[Stored data]
□ □ □ □

(* Let $M,N\in\mathbb N$ with $M>N$, let $\mathcal B\subseteq\mathcal D^N$, and let $f\in L_q[0,1]$ with $\int f=0$. On $\{-1,1\}^{\mathcal B}$ with the uniform probability, define $Y(\theta)=\langle f,\sum_{K\in\mathcal B}\theta_Kh^M_K\rangle$. Then $\mathbb E(Y)=0$ and $\mathrm{Var}(Y)\le\|f\|_q^2\,|\bigcup\mathcal B|^{1/p}\,2^{-N/p}$, where $|\bigcup\mathcal B|$ is the Lebesgue measure of the union of the intervals in $\mathcal B$.
   Context: Fix $1<p<\infty$, $q=p/(p-1)$. $\langle g,f\rangle=\int_0^1 gf$. A dyadic interval is $[(i-1)2^{-n},i2^{-n})$ with $n\ge0$, $1\le i\le2^n$; $\mathcal D^n$ denotes those of length $2^{-n}$ and $\mathcal D_n=\bigcup_{k=0}^n\mathcal D^k$. For a dyadic interval $I$, $I^+$, $I^-$ are its left and right halves and $h_I=\chi_{I^+}-\chi_{I^-}$. For each $n\in\mathbb N$ a family $(h^n_I)_{I\in\mathcal D_{n-1}}$ in $L_p[0,1]$ is fixed, having the same joint distribution as $(h_I)_{I\in\mathcal D_{n-1}}$, such that the $\sigma$-algebras $\sigma(h^n_I:I\in\mathcal D_{n-1})$, $n\in\mathbb N$, are independent. *)

From HB Require Import structures.
From mathcomp Require Import all_boot all_order all_algebra.
From mathcomp Require Import all_classical all_reals all_analysis.
Set Implicit Arguments. Unset Strict Implicit. Unset Printing Implicit Defensive.
Import Order.TTheory GRing.Theory Num.Theory.
Local Open Scope classical_set_scope.
Local Open Scope ring_scope.

(* Dyadic interval I_{n,i} = [i 2^-n, (i+1) 2^-n), 0-based i (0 <= i < 2^n).
   This is the paper's [(i'-1)2^-n, i'2^-n) with i' = i+1. *)
Definition dyadic {R : realType} (n i : nat) : set R :=
  `[(i%:R / 2 ^+ n), (i.+1%:R / 2 ^+ n)[.

(* Haar function h_I = chi_{I^+} - chi_{I^-} for I = I_{n,i}:
   I^+ = I_{n+1,2i} (left half), I^- = I_{n+1,2i+1} (right half). *)
Definition haar {R : realType} (n i : nat) (x : R) : R :=
  \1_(dyadic n.+1 i.*2) x - \1_(dyadic n.+1 i.*2.+1) x.

Definition unitI {R : realType} : set R := `[0%R, 1%R].

(* index set D_{n-1} = {(k,i) : k <= n-1, i < 2^k}, for n >= 1 *)
Definition Dupto (n : nat) : set (nat * nat) :=
  [set j | (j.1 < n)%N /\ (j.2 < 2 ^ j.1)%N].

(* Equality of joint distributions of the finite families
   (g_j)_{j in D_{n-1}} and (haar_j)_{j in D_{n-1}} on ([0,1], Lebesgue):
   their joint laws agree on all measurable rectangles (which determine the
   law on the product Borel sigma-algebra). *)
Definition same_joint_law {R : realType} (n : nat) (g : nat -> nat -> R -> R) :=
  forall A : nat -> nat -> set R, (forall k i, measurable (A k i)) ->
    (@lebesgue_measure R) (unitI `&` \bigcap_(j in Dupto n) (g j.1 j.2 @^-1` A j.1 j.2))
    = (@lebesgue_measure R) (unitI `&` \bigcap_(j in Dupto n) (haar j.1 j.2 @^-1` A j.1 j.2)).
Lemma leq_b_chrom S t :
  0 < t -> t <= b_chrom e S <-> exists2 k, t <= k & has_b_coloring e S k.
Proof.
move=> t_gt0; rewrite (leq_bigmaxP _ _ t_gt0); split.
  by case=> k /andP[/decideP Sk tk]; exists k.
case=> k tk [c Sc]; have kT : k < #|T|.+1.
  by case: Sc => /proper_coloring_card kS _; rewrite ltnS (leq_trans kS) ?max_card.
by exists (Ordinal kT); rewrite tk andbT; apply/decideP; exists c.
Qed.

Lemma leq_b_chrom_r A t :
  0 < t -> t <= b_chrom_r e A <-> exists2 S : {set T}, S \subset A & has_b_coloring e S t.
Proof.
move=> t_gt0; rewrite (leq_bigmaxP _ _ t_gt0); split.
  case=> S /andP[SA /(leq_b_chrom _ t_gt0)[k tk [c Sc]]].
  exists [set x in S | c x < t]; last by exists c; apply: b_coloring_restrict Sc.
  by apply: subset_trans SA; apply/subsetP => x; rewrite inE => /andP[].
case=> S SA St; exists S; rewrite SA /=.
by apply/(leq_b_chrom _ t_gt0); exists t.
Qed.

Lemma b_chrom_rS A B : A \subset B -> b_chrom_r e A <= b_chrom_r e B.
Proof.
move=> AB; case def_a: (b_chrom_r e A) => [//|a].
have [S SA St] := (leq_b_chrom_r A (ltn0Sn a)).1 (eq_leq (esym def_a)).
by apply/(leq_b_chrom_r _ (ltn0Sn a)); exists S; first exact: subset_trans AB.
Qed.

Lemma b_chrom_r_card A : b_chrom_r e A <= #|A|.
Proof.
case def_a: (b_chrom_r e A) => [//|a].
have [S SA [c [Sc _]]] := (leq_b_chrom_r A (ltn0Sn a)).1 (eq_leq (esym def_a)).
exact: leq_trans (proper_coloring_card Sc) (subset_leq_card SA).
Qed.

Lemma b_atom_b_coloring t S : is_b_atom e t S -> has_b_coloring e S t.
Proof.
case=> D [c [[DU D_disj D_indep _ cD] c_adj]].
have DS i x : x \in D i -> x \in S by rewrite -DU => xDi; apply/bigcupP; exists i.
pose col x := if [pick i | x \in D i] is Some i then nat_of_ord i else 0.
have colE i x : x \in D i -> col x = i.
  move=> xDi; rewrite /col; case: pickP => [j xDj | /(_ i)]; last by rewrite xDi.
  have [-> // | ji] := eqVneq j i.
  by have := disjointFr (D_disj j i ji) xDj; rewrite xDi.
exists col; split; first split.
- by move=> x; rewrite -DU => /bigcupP[i _ xDi]; rewrite (colE _ _ xDi) ltn_ord.
- move=> j jt; exists (c (Ordinal jt)); first exact: DS (cD _).
  by rewrite (colE _ _ (cD _)).
- move=> x y; rewrite -DU => /bigcupP[i _ xDi] /bigcupP[j _ yDj] exy.
  rewrite (colE _ _ xDi) (colE _ _ yDj) => /val_inj ij; move: yDj; rewrite -ij => yDi.
  by move: (D_indep i x y xDi yDi); rewrite exy.
move=> i it; exists (c (Ordinal it)); split; [exact: DS (cD _) | exact: colE (cD _) |].
move=> j jt; rewrite (colE _ _ (cD _)) => ji.
have [|y yDj cy] := c_adj (Ordinal it) (Ordinal jt); first by apply/eqP => -[/esym].
by exists y; rewrite (colE _ _ yDj) (DS _ _ yDj).
Qed.

Lemma b_coloring_b_atom t S :
  has_b_coloring e S t -> exists2 S' : {set T}, S' \subset S & is_b_atom e t S'.
Proof.
case=> c [[c_lt c_onto c_prop] c_b].
have /fin_all_exists[x xP] : forall i : 'I_t,
    exists x, [/\ x \in S, c x = i & b_vertex e S t c x] by move=> i; apply: c_b.
have /fin_all_exists[y yP] : forall i : 'I_t, exists y : 'I_t -> T,
    forall j : 'I_t, i != j -> [/\ y j \in S, e (x i) (y j) & c (y j) = j].
  move=> i; apply: (@fin_all_exists _ (fun=> T)
    (fun j u => i != j -> [/\ u \in S, e (x i) u & c u = j])).
  move=> j; have [<- | ij] := eqVneq i j; first by exists (x i).
  have [_ cxi bxi] := xP i.
  have jxi : nat_of_ord j <> c (x i) by rewrite cxi => /val_inj ji; rewrite ji eqxx in ij.
  by have [u [uS exu cu]] := bxi j (ltn_ord j) jxi; exists u.
(* The b-vertex of colour j with the colour-j neighbours of the other b-vertices. *)
pose D j := x j |: [set y i j | i in [set~ j]].
have DP j z : z \in D j -> z \in S /\ c z = j.
  rewrite !inE => /orP[/eqP -> | /imsetP[i]]; first by have [] := xP j.
  by rewrite !inE => ij ->; have [] := yP i j ij.
exists (\bigcup_(i < t) D i).
  by apply/subsetP => z /bigcupP[i _ /DP[]].
exists D, x; split; first split => //.
- move=> i j ij; rewrite -setI_eq0; apply/eqP/setP => z; rewrite in_setI in_set0.
  apply/negbTE/andP => -[/DP[_ czi] /DP[_ czj]].
  by move: ij; rewrite (ord_inj (etrans (esym czi) czj)) eqxx.
- move=> i z w /DP[zS czi] /DP[wS cwi]; apply/negP => ezw.
  by apply: c_prop ezw _; rewrite ?czi ?cwi.
- move=> i; rewrite cardsU1 (leq_trans (leq_add (leq_b1 _) (leq_imset_card _ _))) //.
  by rewrite cardsC1 card_ord add1n prednK // (leq_ltn_trans _ (ltn_ord i)).
- by move=> i; rewrite !inE eqxx.
move=> i j ij; exists (y i j); last by have [] := yP i j ij.
by apply/setU1P; right; apply/imsetP; exists i; rewrite ?inE.
Qed.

□ □ □ □

Set down only the line containing "by apply/setU1P; right;" and the lines after it through the end, exactly as they appear above.

== Reply ==
by apply/setU1P; right; apply/imsetP; exists i; rewrite ?inE.
Qed.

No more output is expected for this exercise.